Step up the split recording with Spanish band Machetazo: recorded the same year as the Filth split, GS's sound is much the same but the songs are even faster and shorter than on the other split. At least one track delights in the glorious title "Viva! Blunt Force Trauma" which would be a great band name if it hasn't been taken already. Pity the sound quality means the actual song itself doesn't quite live up to what it promises though the band tries its hardest and punkiest.

Lone track "Fulguration" demonstrates that the good doctors know a rock'n'roll groove when they meet one and include it in their surgical arsenal. A couple of tracks from the "Left Hand Pathology" sessions show the GS guys in casualty-ward mode: raw and grindingly rough around the edges.

Skip a couple of years and we come to the split with Butcher ABC: at last GS display a sense of macabre theatre in delivery and melody with sinister death metal riffing.

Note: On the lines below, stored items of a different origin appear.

(* Let $\lambda_\pm : \mathbb{R} \to \mathbb{R}_\pm$ be defined by $\lambda_\pm(x) = x \pm \sqrt{1+x^2}$ (these are increasing bijections onto the positive and negative reals respectively), and let \[ p_\gamma' := \frac{p}{\sqrt{p^2 + |q|^2\cosh^{-2}(2\gamma)}} \in (-1,1). \] Define subsets $\sigma_\pm(U) \subset \mathbb{R}_\pm$ by \[ \sigma_\pm(U) = \begin{cases} \{\lambda_\pm(+p\sinh(2\gamma))\}, & a_m < \pm p_\gamma' < a_p, \\ \{\lambda_\pm(-p\sinh(2\gamma))\}, & a_p < \pm p_\gamma' < a_m, \\ \emptyset, & \text{otherwise}. \end{cases} \] Then the set of eigenvalues of $U$ satisfies $\sigma_{\mathrm{p}}(U) = \sigma_-(U) \cup \sigma_+(U)$.
   Context: Let $L$ be the bilateral left shift on $\ell^2(\mathbb{Z}) = \ell^2(\mathbb{Z};\mathbb{C})$, $(L\Psi)(x) = \Psi(x+1)$; bounded sequences are identified with the corresponding multiplication operators. Fix $\gamma \in \mathbb{R}$, $p \in (-1,1)$, $q \in \mathbb{C}$ with $p^2+|q|^2 = 1$, and $a_p, a_m \in (-1,1)$, $b_p, b_m \in \mathbb{C}$ with $a_p^2 + |b_p|^2 = a_m^2 + |b_m|^2 = 1$. Let $a(x) = a_p$, $b(x) = b_p$ for $x \ge 0$ and $a(x) = a_m$, $b(x) = b_m$ for $x < 0$. On $\mathcal{H} = \ell^2(\mathbb{Z};\mathbb{C}^2) \cong \ell^2(\mathbb{Z}) \oplus \ell^2(\mathbb{Z})$ define the (generally non-unitary) two-phase split-step quantum walk $U = SC$, where \[ S = \begin{pmatrix} p & qL \\ \overline{q}L^* & -p \end{pmatrix},\qquad C = \begin{pmatrix} e^{-2\gamma} a & \overline{b} \\ b & -e^{2\gamma} a \end{pmatrix}. \] $\sigma_{\mathrm{p}}(U)$ denotes the set of $\lambda \in \mathbb{C}$ with $\ker(U - \lambda) \neq \{0\}$ in $\mathcal{H}$. $\mathbb{R}_+$ and $\mathbb{R}_-$ denote the sets of positive and negative real numbers. *)

From Stdlib Require Import Reals ZArith.
From Coquelicot Require Import Coquelicot.

Open Scope R_scope.

Definition two_phase {T : Type} (vp vm : T) (x : Z) : T :=
  if (0 <=? x)%Z then vp else vm.

Definition sqnorm2 (v : C * C) : R := (Cmod (fst v))^2 + (Cmod (snd v))^2.

Definition is_l2 (Psi : Z -> C * C) : Prop :=
  ex_series (fun n : nat => sqnorm2 (Psi (Z.of_nat n))) /\
  ex_series (fun n : nat => sqnorm2 (Psi (- Z.of_nat n - 1)%Z)).

(* coin operator C = [[e^{-2g} a, conj b],[b, -e^{2g} a]] acting pointwise *)
Definition coin_op (gamma : R) (a : Z -> R) (b : Z -> C)
  (Psi : Z -> C * C) (x : Z) : C * C :=
  ((RtoC (exp (-2 * gamma) * a x) * fst (Psi x) + Cconj (b x) * snd (Psi x))%C,
   (b x * fst (Psi x) - RtoC (exp (2 * gamma) * a x) * snd (Psi x))%C).

(* shift operator S = [[p, q L],[conj q L^*, -p]], (L Psi)(x) = Psi(x+1),
   (L^* Psi)(x) = Psi(x-1) *)
Definition shift_op (p : R) (q : C) (Phi : Z -> C * C) (x : Z) : C * C :=
  ((RtoC p * fst (Phi x) + q * snd (Phi (x + 1)%Z))%C,
   (Cconj q * fst (Phi (x - 1)%Z) - RtoC p * snd (Phi x))%C).

Definition U_op (gamma p : R) (q : C) (ap am : R) (bp bm : C)
  (Psi : Z -> C * C) : Z -> C * C :=
  shift_op p q (coin_op gamma (two_phase ap am) (two_phase bp bm) Psi).

Definition in_point_spectrum (gamma p : R) (q : C) (ap am : R) (bp bm : C)
  (lam : C) : Prop :=
  exists Psi : Z -> C * C,
    is_l2 Psi /\ (exists x, Psi x <> (RtoC 0, RtoC 0)) /\
    forall x, U_op gamma p q ap am bp bm Psi x =
              ((lam * fst (Psi x))%C, (lam * snd (Psi x))%C).

Definition lambda_plus (x : R) : R := x + sqrt (1 + x ^ 2).
Definition lambda_minus (x : R) : R := x - sqrt (1 + x ^ 2).

Definition p_gamma' (gamma p : R) (q : C) : R :=
  p / sqrt (p ^ 2 + (Cmod q) ^ 2 / (cosh (2 * gamma)) ^ 2).

Definition in_sigma_plus (gamma p : R) (q : C) (ap am : R) (lam : C) : Prop :=
  (am < p_gamma' gamma p q < ap /\ lam = RtoC (lambda_plus (p * sinh (2 * gamma)))) \/
  (ap < p_gamma' gamma p q < am /\ lam = RtoC (lambda_plus (- (p * sinh (2 * gamma))))).

Definition in_sigma_minus (gamma p : R) (q : C) (ap am : R) (lam : C) : Prop :=
  (am < - p_gamma' gamma p q < ap /\ lam = RtoC (lambda_minus (p * sinh (2 * gamma)))) \/
  (ap < - p_gamma' gamma p q < am /\ lam = RtoC (lambda_minus (- (p * sinh (2 * gamma))))).

From Stdlib Require Import Reals ZArith Lia Lra Psatz Nsatz.
From Coquelicot Require Import Coquelicot.

(** Since [S] is an involution, [U Psi = lam Psi] is equivalent to [C Psi = lam S Psi]. Read on
    the staggered vectors [v x = (Psi_1 (x - 1), Psi_2 x)], this is a first-order recurrence
    [M v (x + 1) = N v x] whose 2x2 coefficients [M], [N] depend only on the coin at [x] and
    satisfy [|det M| = |det N|]. On a half line the Wronskian [det (v n, v (n + 1))] therefore
    has non-decreasing modulus; for a square-summable solution it tends to [0], hence vanishes,
    and the solution is geometric with a ratio of modulus [< 1]. An eigenvector is thus a vector
    [w = (X, Y)] with ratios [r_+], [r_-] such that [N_+ w = r_+ M_+ w] and [M_- w = r_- N_- w].
    Eliminating the ratios yields two quadrics in [(X, Y)] that are affine in the coin parameter
    [a]; as [a_p <> a_m] (the case [a_p = a_m] would force [|r_+ r_-| = 1]) both coefficients
    vanish, which gives [lam (p X + q Y) = s e^(-2 gamma) X] and
    [lam (conj q X - p Y) = s e^(2 gamma) Y] for a sign [s]. Consequently
    [lam^2 + 2 s S lam - 1 = 0] with [S = p sinh (2 gamma)], so [lam = - s S + t sqrt (1 + S^2)]
    for a second sign [t], and the moduli of [r_+] and [r_-] are smaller than [1] exactly when
    [s a_p < s t p'_gamma < s a_m]. *)

Open Scope C_scope.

The songs are as fast as ever though and retain a punky spirit. Vocals are slightly different from what they have been on previous recordings - a bit clearer, more upfront in the mix and more confident to the extent that the vocal lines depart quite a bit from the music and stand out.

We arrive at the songs recorded during the "Corpus in Extremis: Analysing Necrocriticism" sessions but not included on the actual album. By this time, original singer Grant McWilliams has departed the band and the vocals recorded for these songs are very different. The band's style is a little slower and more structured with more melody; you can definitely say these guys have become more death metal. "Nephroblastoma" again shows GS is capable of getting into a real rocking rhythm groove before the guys fly off on blastbeat attacks. You sometimes wish these fellas could include a bit more catchy rhythm and the occasional lead guitar solo in their music as they do on this track. GS finish up with a Carcass cover "Empathological Necroticism" which is not greatly different from the Carcass original in execution.

The GS guys seem content as a Carcass-type band in the mould of the Scousers during their early "Reek of Putrefaction" phase and have not budged from it much during their 2003 - 2009 period. If anything, GS is a bit more deranged than the original band and the vocals are sometimes sicker. They're good musicians and work as a tight unit very well, and they do display flashes of rock'n'roll inspiration and originality so they're not just blind plagiarists. Occasionally I think it'd be nice if GS did something really out of the ordinary that even Carcass couldn't have done, something like actually simulate somebody screaming when the anaesthesia wears off while the major league kidney removal operation is still in progress or pretend they've run out of scalpels and lasers and all they've got left is the good old Black and Decker electric drill for the lobotomy, but if the musicians are happy as they are, I'm happy for them too.